Frente a este método desconcertante de Dios, unos y otros se descomponen. De hecho el libro nos muestra una sucesión de encuentros dramáticos entre la conciencia que Jesús tiene de su propia misión y el esquema que otros pretenden imponerle. Y así se comprende la irritada impaciencia de Judas, que le lleva a romper su amistad con Jesús y a convertirse en esclavo de otros poderes. Y lo mismo ocurre con la ceguera aparentemente ortodoxa de Caifás, y con relativismo bondadoso de Pilatos. Pero también sucedió entre los suyos. Es el escándalo de Pedro: "lejos de ti lavarme los pies, lejos de ti morir en la cruz, tu abajamiento y tu humildad son inadmisibles". Pedro necesitará una amarga pedagogía para entender que el Mesías sólo puede entrar en su gloria a través del sufrimiento. Lo entenderá cuando compruebe lo poco que alcanza su heroísmo de opereta tras negar al Maestro tres veces.
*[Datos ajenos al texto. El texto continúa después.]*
(* Let $\alpha>0$ and $p\in\big(0,\max\{\alpha/2,\alpha-1\}\big]$. Then $$\widehat M_{p,\alpha}:=\sup\Big\{\frac{\alpha^2}{4p^2}\,\frac{z^2}{\Phi_{p,\alpha}(z)}:\ z\in\mathbb R\setminus\{0\}\Big\}<\infty,$$ and the Legendre transform satisfies $\Phi^*_{p,\alpha}(\xi)\le\widehat M_{p,\alpha}\big(\tfrac p\alpha\xi\big)^2$ for all $\xi\in\mathbb R$. Moreover, $\widehat M_{p,\alpha}\ge1/4$; for $p=1/2$ and $\alpha\ge1$ one has $\widehat M_{1/2,\alpha}\le\alpha/2$ and $\widehat M_{1/2,1}=1/2$; and for $p>0$ and $\alpha=p+1$ one has $\widehat M_{p,p+1}=1/4$.
   Context: For $\alpha>0$, $p>0$: $\Phi_{p,\alpha}(z)=\frac{\alpha}{p-1}\big((z+1)^{(p-1)/p}-1\big)\big((z+1)^{\alpha/p}-1\big)$ for $z>-1$ if $p\ne1$, $\Phi_{1,\alpha}(z)=\alpha\log(z+1)\big((z+1)^\alpha-1\big)$ for $z>-1$ (the limit $p\to1$), and $\Phi_{p,\alpha}(z)=+\infty$ for $z\le-1$. $\Phi^*_{p,\alpha}(\xi)=\sup_z\{\xi z-\Phi_{p,\alpha}(z)\}$. *)

From Stdlib Require Import Reals.
From Coquelicot Require Import Coquelicot.
Open Scope R_scope.

Definition Phi (p alpha : R) (z : R) : Rbar :=
  if Rlt_dec (-1) z then
    if Req_EM_T p 1 then
      Finite (alpha * ln (z + 1) * (Rpower (z + 1) alpha - 1))
    else
      Finite (alpha / (p - 1) * (Rpower (z + 1) ((p - 1) / p) - 1)
                              * (Rpower (z + 1) (alpha / p) - 1))
  else p_infty.

(* Legendre transform Phi^*(xi) = sup_z { xi z - Phi(z) } in R u {+oo}.
   Values xi z - Phi z = -oo (z <= -1) do not contribute to the sup. *)
Definition PhiStar (p alpha : R) (xi : R) : Rbar :=
  Lub_Rbar (fun y : R => exists z : R,
    Finite y = Rbar_minus (Finite (xi * z)) (Phi p alpha z)).

(* \hat M_{p,alpha} = sup { alpha^2/(4p^2) * z^2 / Phi(z) : z <> 0 },
   with the convention c / (+oo) = 0. *)
Definition Mhat (p alpha : R) : Rbar :=
  Lub_Rbar (fun y : R => exists z : R, z <> 0 /\
    Finite y = Rbar_div (Finite (alpha ^ 2 / (4 * p ^ 2) * z ^ 2)) (Phi p alpha z)).

From Stdlib Require Import Reals Lra Psatz.
From Coquelicot Require Import Coquelicot.
Open Scope R_scope.

(* Substituting z = e^h - 1 (h = ln (z+1)) turns Phi_{p,alpha} into
     Phi(e^h - 1) = b^2 * D_a(h) * D_b(h),   a = (p-1)/p,  b = alpha/p,
   where D_c(h) = (e^{ch} - 1)/c (and D_0(h) = h) is the exponential difference
   quotient [dexp].  For z > -1, z <> 0 the quantity alpha^2/(4p^2) z^2/Phi(z)
   becomes [ratio a b h] = (e^h - 1)^2 / (4 D_a(h) D_b(h)) with h <> 0, while every
   z <= -1 contributes the value 0.  So \hat M is the supremum of [ratio a b].
   - Near h = 0, the estimates h^2 e^{-|c h|} <= h D_c(h) <= h^2 e^{|c h|} squeeze
     [ratio] between e^{-K|h|}/4 and e^{K|h|}/4: it is bounded there and 1/4 is a
     limit value, whence \hat M >= 1/4.
   - For h <= -1, D_a D_b stays above a positive constant; for h >= 1 it grows
     at least like e^{2h} as soon as b >= 2 or (a > 0 and a + b >= 2), and the
     hypothesis p <= max(alpha/2, alpha-1) gives one of these.  Hence \hat M is finite.
   - The Legendre bound is Young's inequality xi z <= M q^2 + b^2 z^2/(4M),
     with xi = b q, i.e. q = p xi/alpha.
   - The explicit values use the exact forms of [ratio] for a = -1 (p = 1/2) and for
     (a, b) = (1-d, 1+d) (alpha = p+1); the latter reduces, through cosh, to
     cosh(dx) - 1 <= d^2 (cosh x - 1) for 0 <= d <= 1. *)

Lemma sq_pos (x : R) : x <> 0 -> 0 < x ^ 2.
Proof. intros Hx; rewrite <- Rsqr_pow2; now apply Rsqr_pos_lt. Qed.

Lemma exp_le_mono (x y : R) : x <= y -> exp x <= exp y.
Proof.
  intros Hxy; destruct (Rle_lt_or_eq_dec _ _ Hxy) as [Hlt | ->]; [|lra].
  now left; apply exp_increasing.
Qed.

Lemma exp_opp_mul (x : R) : exp x * exp (- x) = 1.
Proof. now rewrite <- exp_plus, Rplus_opp_r, exp_0. Qed.

Lemma expm1_bounds (x : R) : x <= exp x - 1 <= x * exp x.
Proof.
  pose proof (exp_ineq1_le x); pose proof (exp_ineq1_le (- x)).
  pose proof (exp_pos x); pose proof (exp_opp_mul x); split; nra.
Qed.

Lemma expm1_sandwich (x : R) :
  x ^ 2 * exp (- Rabs x) <= x * (exp x - 1) <= x ^ 2 * exp (Rabs x).
Proof.
  pose proof (expm1_bounds x); pose proof (exp_pos x).
  destruct (Rle_or_lt 0 x) as [Hx | Hx].
  - rewrite Rabs_pos_eq by lra.
    assert (exp (- x) <= 1) by (rewrite <- exp_0; apply exp_le_mono; lra).
    split; nra.
  - rewrite Rabs_left, Ropp_involutive by lra.
    assert (1 <= exp (- x)) by (rewrite <- exp_0; apply exp_le_mono; lra).
    split; nra.
Qed.

Lemma nonneg_of_deriv_nonneg (g g' : R -> R) (y : R) :
  0 <= y -> g 0 = 0 ->
  (forall c, 0 <= c <= y -> derivable_pt_lim g c (g' c)) ->
  (forall c, 0 <= c <= y -> 0 <= g' c) -> 0 <= g y.
Proof.
  intros Hy Hg0 Hder Hpos.
  destruct (Rle_lt_or_eq_dec _ _ Hy) as [Hlt | <-]; [|lra].
  destruct (MVT_cor2 g g' 0 y Hlt Hder) as [c [Hmvt Hc]].
  specialize (Hpos c ltac:(lra)); nra.
Qed.

(* The exponential difference quotient D_c(h) = (e^{ch} - 1)/c, extended by
   continuity with D_0(h) = h.  Phi_{p,alpha} factors through it (see [Phi_exp]). *)
Definition dexp (c h : R) : R :=
  if Req_EM_T c 0 then h else (exp (c * h) - 1) / c.

Lemma dexp_nonzero (c h : R) : c <> 0 -> dexp c h = (exp (c * h) - 1) / c.
Proof. intros Hc; unfold dexp; now destruct (Req_EM_T c 0). Qed.

Lemma dexp_rate_0 (h : R) : dexp 0 h = h.
Proof. unfold dexp; now destruct (Req_EM_T 0 0). Qed.

Lemma dexp_rate_1 (h : R) : dexp 1 h = exp h - 1.
Proof. rewrite dexp_nonzero by lra; rewrite Rmult_1_l; field. Qed.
Sólo en el seguimiento humilde del Crucificado, él podrá vencer también, mucho más tarde. Es algo que la Iglesia de todos los tiempos tiene que volver a aprender siempre a través del dolor: que la Salvación no llega a través de un poder exterior sino que se ofrece, inerme, a la libertad de los hombres.
 Pero si las páginas dedicadas a la pasión y la muerte en cruz alcanzan una belleza y una  profundidad únicas, el capítulo de la resurrección deslumbra por la pedagogía de Joseph Ratzinger, por su capacidad de hacer brillar los versículos del Evangelio ante la razón del hombre contemporáneo. Es el capítulo decisivo porque "la fe cristiana se mantiene o cae con la verdad de los testimonios sobre el Resucitado. Para explicar de qué se trata, Ratzinger habla de "una mutación decisiva", de un "salto cualitativo": un romper las cadenas para entrar en una nueva dimensión de la existencia, un tipo de vida totalmente nuevo que ya no está sujeto a la ley del devenir y de la muerte. Aquel Jesús que se aparece a los suyos no es un cadáver reanimado sino alguien que vive desde Dios de un modo completamente nuevo. Después de hacer las cuentas con todos los desafíos de la crítica lingüística e histórica, su conclusión es que este testimonio es creíble. La propia ciencia no puede cerrar las puertas a la posibilidad de algo nuevo, inesperado... porque la creación, en el fondo, está esperando una mutación definitiva, una superación de todos los límites, una plenitud y una armonía secretamente esperadas.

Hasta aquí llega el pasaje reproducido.